Takum kept talking in a rapturous voice, "Oh, could some one play some reruns of 'The Nanny'? I just love the sound of Fran Drescher's voice. Oh yeah... like butter melting in a saucepan. I know! Phil Collins. That's what I need. "You Can't Hurry Love". Oh please, play me that song. It's soooooo true." He began weeping. "You can't hurry love. That's right, Phil, I never realized just how deep and touching that song was. I love you so much, Phil. Shy! Give my house to the homeless. Hurry, it may rain today... " He continued on with a look on his face that was similiar to what an eight-year old impoverished girl might have watching the end of "Old Yeller". It looked strange on him, not strange like "Strange Brew" by Cream, strange like an illegal alien at Republican fundraiser.

"Shy, surely that is enough. I can feel it. I    can    feel it, Shy. Daaiiisy, Daaa...iiii....ssss....yyy." Blando 44 sat in a chair.

"Naw. I haven't been this entertained since... since... crap, they don't pay me to be clever."
 
"But Shy, aren't you worried that he's the boss? I mean, you have the boss in your Elevator singing to a housefly. I'd be pissed when I got out. Just sayin… " Ms. Silicones Vallee, everyone called her Squeaks due to some multiple site plastic surgery, was having an affair with the boss. Everyone knew it, the sound was deafening. Her interest was not humanitarian.
 
"Who said you could call me Shy? Read my hips, PPHHHHRRRRRGGGGGGT. He ain't the boss no more, I am. This is old Taykum Forevreethin's last day on the job. The Elevator is sending him to happy land. Okay, he's been stuck in the Elevator long enough. Let him out."
 
"Whew. That was so beautiful. I just loved that. I want everyone to enjoy the thrill and ecstasy of the ecstatic thrilling joy of… Hey, Shy! My dear friend, I want production started on this Elevator just as soon as you feel like it. If you're tired, take a nap. Are you hungry? Can I bake you a pie? Oh, oh… red velvet cake. Yes… "
 
"Taykum, go home now. This is my company now. Thanks for letting me have it."
 
"Oh Shy. I just love a young man with manners. Yes, my dear wife must miss me. I'll surprise her! She will be so happy to see me. I love her so much. Thank you Shy. Oh dear, your kindness has made me a little misty.
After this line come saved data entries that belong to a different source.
(* Let $p\in(\tfrac12,1)$, $n\ge1$, $B\in\{1,\dots,n\}$. For $\lambda\in[0,1]$ let $\sigma^\lambda$ be the symmetric strategy profile of the crowdfunding game $\Gamma(B,n)$ in which every player plays action $1$ with probability $1$ after signal $H$ and with probability $\lambda$ after signal $L$. For a fixed player $i$, let $x^\lambda=\Pr_{\sigma^\lambda}(\sum_{j\ne i}a_j\ge B-1\mid\omega=H)$ and $y^\lambda=\Pr_{\sigma^\lambda}(\sum_{j\ne i}a_j\ge B-1\mid\omega=L)$. If $(1-p)x^{\lambda'}-py^{\lambda'}=0$ for some $\lambda'\in(0,1)$, then $(1-p)x^{\lambda}-py^{\lambda}>0$ for all $\lambda\in[0,\lambda')$ and $(1-p)x^{\lambda}-py^{\lambda}<0$ for all $\lambda\in(\lambda',1]$.
   Context: The crowdfunding game $\Gamma(B,n)$ with parameter $p\in(\tfrac12,1)$: there are $n$ players and a threshold $B\in\{1,\dots,n\}$. A state $\omega\in\{H,L\}$ is drawn with probability $\tfrac12$ each. Conditional on $\omega$, each player $i$ independently receives a signal $s_i\in\{H,L\}$ with $\Pr(s_i=\omega\mid\omega)=p$. Players simultaneously choose $a_i\in\{0,1\}$. Under a profile where each player independently plays $1$ with the stated signal-dependent probabilities, conditional on $\omega$ the other players' actions are i.i.d.; in particular under $\sigma^\lambda$, conditional on $\omega=H$ each other player plays $1$ with probability $p+(1-p)\lambda$, and conditional on $\omega=L$ with probability $(1-p)+p\lambda$. *)

From HB Require Import structures.
From mathcomp Require Import all_boot all_order all_algebra.
From mathcomp Require Import reals.
Set Implicit Arguments. Unset Strict Implicit. Unset Printing Implicit Defensive.
Import Order.TTheory GRing.Theory Num.Theory.
Local Open Scope ring_scope.

(* Pr(Bin(m, q) >= k): probability that at least k of m i.i.d. players,
   each playing 1 with probability q, play 1. *)
Definition binom_tail (R : realType) (m k : nat) (q : R) : R :=
  \sum_(k <= j < m.+1) ('C(m, j))%:R * q ^+ j * (1 - q) ^+ (m - j).

(* Under sigma^lambda, conditional on omega = H each other player plays 1
   w.p. p + (1-p) lambda; there are n-1 other players; threshold B-1. *)
Definition xlam (R : realType) (p : R) (n B : nat) (lam : R) : R :=
  binom_tail (n - 1) (B - 1) (p + (1 - p) * lam).

(* conditional on omega = L: each other player plays 1 w.p. (1-p) + p lambda *)
Definition ylam (R : realType) (p : R) (n B : nat) (lam : R) : R :=
  binom_tail (n - 1) (B - 1) ((1 - p) + p * lam).

From HB Require Import structures.
From mathcomp Require Import all_boot all_order all_algebra.
From mathcomp Require Import reals.
From mathcomp Require Import ring lra zify.
From mathcomp Require Import normedtype derive realfun.
Import Order.TTheory GRing.Theory Num.Theory.
Import numFieldNormedType.Exports.
Set Implicit Arguments. Unset Strict Implicit. Unset Printing Implicit Defensive.
Local Open Scope ring_scope.

(* Write F(q) = Pr(Bin(m, q) >= k), a = p + (1 - p) lam and b = (1 - p) + p lam,
   so that x = F(a), y = F(b) and b <= a.  Since (1 - p) x - p y vanishes at lam',
   its sign is that of F(a)/F(b) minus the value of this ratio at lam', and it
   suffices that lam |-> F(a)/F(b) is strictly decreasing on [0, 1].  The derivative of F is
   F'(q) = m Pr(Bin(m - 1, q) = k - 1) (the sum defining F' telescopes), so the
   derivative of the ratio has the sign of (1 - p) F'(a) F(b) - p F'(b) F(a).
   The monotone likelihood ratio of the binomial family gives
   F'(a) F(b) <= F'(b) F(a) for b <= a, and 1 - p < p makes the sign negative. *)

Section BinomialTail.
Context {R : realType}.
Implicit Types (q a b : R) (m k i j : nat).

Definition binom_pmf m i q : R := 'C(m, i)%:R * q ^+ i * (1 - q) ^+ (m - i).

Definition binom_tail_poly m k : {poly R} :=
  \sum_(k <= j < m.+1) 'C(m, j)%:R *: ('X^j * (1 - 'X) ^+ (m - j)).

Lemma horner_binom_tail_poly m k q : (binom_tail_poly m k).[q] = binom_tail m k q.
Proof.
rewrite /binom_tail_poly horner_sum; apply: eq_bigr => j _.
by rewrite hornerZ hornerM hornerXn horner_exp !hornerE.
Qed.

Lemma deriv_binom_term m j q : (0 < j <= m)%N ->
  ('C(m, j)%:R *: ('X^j * (1 - 'X) ^+ (m - j)) : {poly R})^`().[q] =
  m%:R * (binom_pmf m.-1 j.-1 q - binom_pmf m.-1 j q).
Proof.
move=> /andP[j0 jm].
rewrite derivZ derivM derivXn deriv_exp derivB derivC derivX sub0r.
have e1 : (m * 'C(m.-1, j.-1) = j * 'C(m, j))%N by rewrite mul_bin_diag prednK.
have e2 : (m * 'C(m.-1, j) = (m - j) * 'C(m, j))%N.
  by rewrite mul_bin_diag mul_bin_left.
rewrite hornerZ !hornerE /binom_pmf mulrBr !mulrA -!natrM e1 e2 !natrM.
have -> : (m.-1 - j.-1 = m - j)%N by lia.
have -> : (m.-1 - j = (m - j).-1)%N by lia.
case: (m - j)%N => [|t];
  rewrite !hornerMn !hornerM !hornerXn !horner_exp !hornerE /=; ring.
Qed.

Lemma deriv_binom_tail_poly m k q : (0 < k <= m)%N ->
  (binom_tail_poly m k)^`().[q] = m%:R * binom_pmf m.-1 k.-1 q.
Proof.
move=> /andP[k0 km].
rewrite /binom_tail_poly raddf_sum horner_sum.
rewrite (@telescope_sumr_eq _ _ _ (fun i => - (m%:R * binom_pmf m.-1 i.-1 q))).
- by rewrite /= {1}/binom_pmf bin_small ?mul0r ?mulr0 ?oppr0 ?sub0r ?opprK //; lia.
- by lia.
move=> j /andP[kj jm]; rewrite deriv_binom_term /=; last by lia.
by rewrite opprK addrC mulrDr mulrN.
Qed.

Lemma horner_binom_tail_affine m k (u v : R) q :
  (binom_tail_poly m k \Po (u%:P + v *: 'X)).[q] = binom_tail m k (u + v * q).
Proof. by rewrite horner_comp horner_binom_tail_poly !hornerE. Qed.

Lemma deriv_binom_tail_affine m k (u v : R) q : (0 < k <= m)%N ->
  (binom_tail_poly m k \Po (u%:P + v *: 'X))^`().[q] =
  m%:R * binom_pmf m.-1 k.-1 (u + v * q) * v.
Proof.
move=> kmb; rewrite deriv_comp hornerM horner_comp deriv_binom_tail_poly //.
rewrite derivD derivC derivZ derivX add0r hornerZ !hornerD !hornerC.
by rewrite hornerZ hornerX mulr1.
Qed.

Lemma binom_tail0 m q : binom_tail m 0 q = 1.
Proof.
have := exprDn (1 - q) q m; rewrite subrK expr1n => ->.
rewrite /binom_tail big_mkord; apply: eq_bigr => j _.
by rewrite -mulr_natl; ring.
Qed.

Lemma binom_tail_gt0 m k q : (k <= m)%N -> 0 < q -> q <= 1 -> 0 < binom_tail m k q.
Proof.
move=> km q0 q1; rewrite /binom_tail big_nat_recr //=.
rewrite subnn expr0 mulr1 binn mul1r ltr_wpDl ?exprn_gt0 //.
by apply: sumr_ge0 => j _; rewrite !mulr_ge0 ?exprn_ge0 ?ler0n ?subr_ge0 ?(ltW q0).
Qed.

Lemma binom_pmf_gt0 m i q : (i <= m)%N -> 0 < q -> q < 1 -> 0 < binom_pmf m i q.
Proof.
move=> im q0 q1.
by rewrite /binom_pmf !mulr_gt0 ?exprn_gt0 ?subr_gt0 // ltr0n bin_gt0.
Qed.

Lemma expr_likelihood_ratio_le a b d : 0 <= b -> b <= a -> a <= 1 ->
  b ^+ d.+1 * (1 - a) ^+ d <= a ^+ d.+1 * (1 - b) ^+ d.
Proof.
move=> b0 ba a1.
by rewrite ler_pM ?exprn_ge0 ?subr_ge0 ?lerXn2r ?lerB ?nnegrE ?subr_ge0
  ?(le_trans b0 ba) ?(le_trans ba a1).
Qed.

Lemma binom_pmf_tail_le m k a b : (0 < k <= m)%N ->
  0 <= b -> b <= a -> a <= 1 ->
  binom_pmf m.-1 k.-1 a * binom_tail m k b <=
  binom_pmf m.-1 k.-1 b * binom_tail m k a.
Proof.
move=> /andP[k0 km] b0 ba a1.
rewrite /binom_tail !big_distrr /=; apply: ler_sum_nat => j /andP[kj jm].
have ej : j = (k.-1 + (j - k).+1)%N by lia.
have em : (m.-1 - k.-1 = (m - j) + (j - k))%N by lia.
rewrite /binom_pmf em; move: (m - j)%N (j - k)%N ej => s d ej.
rewrite ej !exprD.
set c := 'C(m.-1, k.-1)%:R * 'C(m, k.-1 + d.+1)%:R * a ^+ k.-1 * b ^+ k.-1 *
  (1 - a) ^+ s * (1 - b) ^+ s.
have c0 : 0 <= c.
  by rewrite /c !mulr_ge0 ?ler0n ?exprn_ge0 ?subr_ge0 ?(le_trans b0 ba)
    ?(le_trans ba a1).
have := ler_wpM2l c0 (expr_likelihood_ratio_le d b0 ba a1).
by rewrite /c; congr (_ <= _); ring.
Qed.
End BinomialTail.

Section HornerRatio.
Context {R : realType}.
Implicit Types (P Q : {poly R}) (x a b : R).

Lemma is_derive_horner_div P Q x : Q.[x] != 0 ->
  is_derive x 1 (fun z => P.[z] / Q.[z])
    ((P^`().[x] * Q.[x] - P.[x] * Q^`().[x]) / Q.[x] ^+ 2).
Proof.
move=> Qx0.
have := is_deriveM (is_derive_poly P x) (is_deriveV Qx0 (is_derive_poly Q x)).
suff -> : (P^`().[x] * Q.[x] - P.[x] * Q^`().[x]) / Q.[x] ^+ 2 =
  P.[x] *: (- Q.[x] ^- 2 *: Q^`().[x]) + Q.[x]^-1 *: P^`().[x] by [].
by rewrite /GRing.scale /=; field.
Qed.

Lemma horner_div_decreasing P Q a b :
  {in `[a, b], forall x, Q.[x] != 0} ->
  {in `]a, b[, forall x, P^`().[x] * Q.[x] - P.[x] * Q^`().[x] < 0} ->
  {in `[a, b] &, {homo (fun z => P.[z] / Q.[z]) : x y /~ x < y}}.
Proof.
move=> Q0 dPQ.
have Dab x : x \in `[a, b] -> derivable (fun z => P.[z] / Q.[z]) x 1.
  by move=> /Q0 /(is_derive_horner_div P) /@ex_derive.
apply: ltr0_derive1_lt_cc.
- by move=> x /subset_itv_oo_cc /Dab.
- move=> x xab; have Qx0 := Q0 x (subset_itv_oo_cc xab).
  have D := is_derive_horner_div P Qx0.
  by rewrite derive1E derive_val pmulr_llt0 ?dPQ // invr_gt0 exprn_even_gt0.
- by apply: derivable_within_continuous => x /Dab.
Qed.
End HornerRatio.

Lemma binom_pmf_tail_lt (R : realType) (p a b : R) m k : (0 < k <= m)%N ->
  p <= 1 -> 1 - p < p -> 0 < b -> b < 1 -> b <= a -> a <= 1 ->
  (1 - p) * (binom_pmf m.-1 k.-1 a * binom_tail m k b) <
  p * (binom_pmf m.-1 k.-1 b * binom_tail m k a).
Proof.
move=> kmb p1 hp b0 b1 ba a1; have /andP[_ km] := kmb.
have km1 : (k.-1 <= m.-1)%N by rewrite -!subn1 leq_sub2r.
have pmf_tail_gt0 :=
  mulr_gt0 (binom_pmf_gt0 km1 b0 b1) (binom_tail_gt0 km (lt_le_trans b0 ba) a1).
apply: le_lt_trans (ler_wpM2l _ (binom_pmf_tail_le kmb (ltW b0) ba a1)) _.
  by rewrite subr_ge0.
by rewrite ltr_pM2r.
Qed.

Lemma binom_tail_ratio_decreasing (R : realType) (p : R) m k :
  1 / 2 < p -> p < 1 -> (0 < k <= m)%N ->
  {in `[0, 1] &, {homo (fun lam =>
     binom_tail m k (p + (1 - p) * lam) / binom_tail m k ((1 - p) + p * lam))
     : x y /~ x < y}}.
Proof.
move=> hp1 hp2 kmb; have /andP[k0 km] := kmb.
have hpp : 1 - p < p by lra.
have m0 : 0 < m%:R :> R by rewrite ltr0n (leq_trans k0 km).
pose P : {poly R} := binom_tail_poly m k \Po (p%:P + (1 - p) *: 'X).
pose Q : {poly R} := binom_tail_poly m k \Po ((1 - p)%:P + p *: 'X).
have Q0 : {in `[0, 1], forall z : R, Q.[z] != 0}.
  move=> z; rewrite in_itv /= horner_binom_tail_affine => /andP[z0 z1].
  by rewrite gt_eqF // binom_tail_gt0 //; nra.
have dPQ : {in `]0, 1[, forall z : R, P^`().[z] * Q.[z] - P.[z] * Q^`().[z] < 0}.
  move=> z; rewrite in_itv /= => /andP[z0 z1].
  rewrite !horner_binom_tail_affine !deriv_binom_tail_affine //.
  have b0 : 0 < (1 - p) + p * z by nra.
  have b1 : (1 - p) + p * z < 1 by nra.
  have ba : (1 - p) + p * z <= p + (1 - p) * z by nra.
  have a1 : p + (1 - p) * z <= 1 by nra.
  have := binom_pmf_tail_lt kmb (ltW hp2) hpp b0 b1 ba a1.
  by rewrite -(ltr_pM2l m0); lra.
move=> x y x01 y01 xy; rewrite -!(horner_binom_tail_affine m k).
exact: (horner_div_decreasing Q0 dPQ).
Qed.

Lemma weighted_diff_eq (R : realFieldType) (p X Y X' Y' : R) :
  Y != 0 -> Y' != 0 -> (1 - p) * X' - p * Y' = 0 ->
  (1 - p) * X - p * Y = (1 - p) * Y * (X / Y - X' / Y').
Proof.
move=> Y0 Y'0 /eqP; rewrite subr_eq0 => /eqP e.
rewrite mulrBr; congr (_ - _); first by rewrite -mulrA [Y * _]mulrC divfK.
by rewrite mulrAC mulrA e mulfK.
Qed.

Theorem proposition1 (R : realType) (p : R) (n B : nat)
  (hp1 : 1 / 2 < p) (hp2 : p < 1)
  (hn : (1 <= n)%N) (hB1 : (1 <= B)%N) (hB2 : (B <= n)%N)
  (lam' : R) (hl1 : 0 < lam') (hl2 : lam' < 1)
  (h0 : (1 - p) * xlam p n B lam' - p * ylam p n B lam' = 0) :
  (forall lam : R, 0 <= lam -> lam < lam' ->
     (1 - p) * xlam p n B lam - p * ylam p n B lam > 0) /\
  (forall lam : R, lam' < lam -> lam <= 1 ->
     (1 - p) * xlam p n B lam - p * ylam p n B lam < 0).
Proof.
rewrite /xlam /ylam in h0 *.
set m := (n - 1)%N in h0 *; set k := (B - 1)%N in h0 *.
have [k0|k_gt0] := posnP k.
  by move: h0; rewrite k0 !binom_tail0; lra.
have kmb : (0 < k <= m)%N by rewrite k_gt0 leq_sub2r.
have dec := binom_tail_ratio_decreasing hp1 hp2 kmb.
have tail_gt0 lam : lam \in `[0, 1] -> 0 < binom_tail m k ((1 - p) + p * lam).
  rewrite in_itv /= => /andP[l0 l1].
  by rewrite binom_tail_gt0 //; [case/andP: kmb | nra | nra].
have tail_neq0 lam (lam01 : lam \in `[0, 1]) := lt0r_neq0 (tail_gt0 lam lam01).
have lam'01 : lam' \in `[0, 1] by rewrite in_itv /= !ltW.
split=> lam l0 l1.
- have lam01 : lam \in `[0, 1] by rewrite in_itv /= l0 ltW // (lt_trans l1).
  rewrite (weighted_diff_eq _ (tail_neq0 _ lam01) (tail_neq0 _ lam'01) h0).
  by rewrite !mulr_gt0 ?subr_gt0 ?tail_gt0 //; exact: dec.
- have lam01 : lam \in `[0, 1] by rewrite in_itv /= l1 ltW // (lt_trans hl1).
  rewrite (weighted_diff_eq _ (tail_neq0 _ lam01) (tail_neq0 _ lam'01) h0).
  by rewrite pmulr_rlt0 ?mulr_gt0 ?subr_gt0 ?tail_gt0 // subr_lt0; exact: dec.
Qed.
Oh dear."
 
"I want Elevator's installed in every mall in America. Today, America, tomorrow- The World!"
 
Epilogue:
 
Shy's plan backfired. Everyone in the world fell in love with each other. Shy owned everything on earth and nobody cared. He was acknowledged as the omnipotent ruler of the earth, but he didn't have anybody to enforce his will. He finally entered the Elevator on October 2nd, 2061. It was Gandhi's birthday, an international holiday.


 



Stuck in an elevator writing prompt entry
Writing Prompt
Write a short story. The topic is: Stuck in an elevator!
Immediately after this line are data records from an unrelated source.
(* For every positive integer $t$ and every finite graph $G$ of cliquewidth at most $t$, the hypergraph of balls in $G$ has a proper array sample compression scheme of size $4t+3$.
   Context: For a hypergraph $H$ (finite $V(H)$, $E(H)\subseteq 2^{V(H)}$): a sample is a pair $(X^+,X^-)$ of subsets of $V(H)$ such that some hyperedge $e$ has $X^+\subseteq e$, $X^-\cap e=\emptyset$; $\mathcal{S}(H)$ is the set of samples; $S$ realizes $(X^+,X^-)$ if $X^+\subseteq S$ and $S\cap X^-=\emptyset$. With a fresh symbol $\bot\notin V(H)$, an array sample compression scheme of size $k$ is a pair $(\kappa,\rho)$, $\kappa:\mathcal{S}(H)\to(V(H)\cup\{\bot\})^k$, $\rho:(V(H)\cup\{\bot\})^k\to 2^{V(H)}$, such that for every sample, $\kappa(X^+,X^-)\in(X^+\cup X^-\cup\{\bot\})^k$ and $\rho(\kappa(X^+,X^-))$ realizes $(X^+,X^-)$; it is proper if all values of $\rho$ are hyperedges. The hypergraph of balls in $G$ has vertex set $V(G)$ and hyperedges all $B_G(c,r)=\{v:\mathrm{dist}_G(c,v)\le r\}$, $c\in V(G)$, $r$ an integer. The cliquewidth of $G$ is the minimum $k$ such that $G$ can be built with labels in $[k]$ using: creation of a single labeled vertex; disjoint union; for labels $i\ne j$, adding all edges between label-$i$ and label-$j$ vertices; relabeling label $i$ to $j$. *)

From mathcomp Require Import all_boot all_order all_algebra.
Set Implicit Arguments. Unset Strict Implicit. Unset Printing Implicit Defensive.

(* A hypergraph on the finite vertex type T is given by its hyperedge
   predicate E : {set T} -> Prop. *)

Section Hypergraphs.
Variable T : finType.

Definition is_sample (E : {set T} -> Prop) (Xp Xm : {set T}) : Prop :=
  exists B, E B /\ Xp \subset B /\ [disjoint Xm & B].

Definition realizes (S Xp Xm : {set T}) : bool :=
  (Xp \subset S) && [disjoint S & Xm].

(* an array sample compression scheme of size k; [None] plays the role of
   the fresh symbol bot. kappa is given as a function on all pairs; only its
   values on samples matter. *)
Definition is_ASCS (E : {set T} -> Prop) (k : nat)
    (kappa : {set T} -> {set T} -> k.-tuple (option T))
    (rho : k.-tuple (option T) -> {set T}) : Prop :=
  forall Xp Xm, is_sample E Xp Xm ->
    (forall o, o \in kappa Xp Xm ->
        match o with None => true | Some x => (x \in Xp) || (x \in Xm) end)
    /\ realizes (rho (kappa Xp Xm)) Xp Xm.

Definition is_proper (E : {set T} -> Prop) (k : nat)
    (rho : k.-tuple (option T) -> {set T}) : Prop :=
  forall w, E (rho w).

Definition has_proper_ASCS (E : {set T} -> Prop) (k : nat) : Prop :=
  exists kappa rho, is_ASCS E kappa rho /\ @is_proper E k rho.

End Hypergraphs.

Section Graphs.
Variable T : finType.
Variable e : rel T.  (* simple graph: symmetric, irreflexive (assumed in the theorem) *)

Fixpoint reach (c : T) (n : nat) : {set T} :=
  match n with
  | 0 => [set c]
  | n'.+1 => reach c n' :|: [set v | [exists u in reach c n', e u v]]
  end.

Definition ball (c : T) (r : int) : {set T} :=
  match r with
  | Posz n => reach c n
  | Negz _ => set0
  end.

Definition is_ball (B : {set T}) : Prop := exists c (r : int), B = ball c r.

End Graphs.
Well... it is a different take on the old worn out prompt. My parrot, Seemore, wrote this.

"an antique toke of swag from the glory days of maryjane"-- a puff of cheap marijuana

"The Nanny" was an American television show starring Fran Drescher. She was noted for having perhaps the most irritating voice of all time.

Phil Collins recorded "You Can't Hurry Love" and his head bobs back and forth in the video when he sings it. I hate it in a very irrational way.

"Old Yeller" is an old Walt Disney movie with a sad ending guaranteed to draw tears.

"Strange Brew"-- great music by one of the great rock and roll bands of all time. CREAM! Can you dig it!

Gandhi: Removed all of the salt from the Indian Ocean and then returned it to prove that non-violence is the ultimate condiment for peace on earth.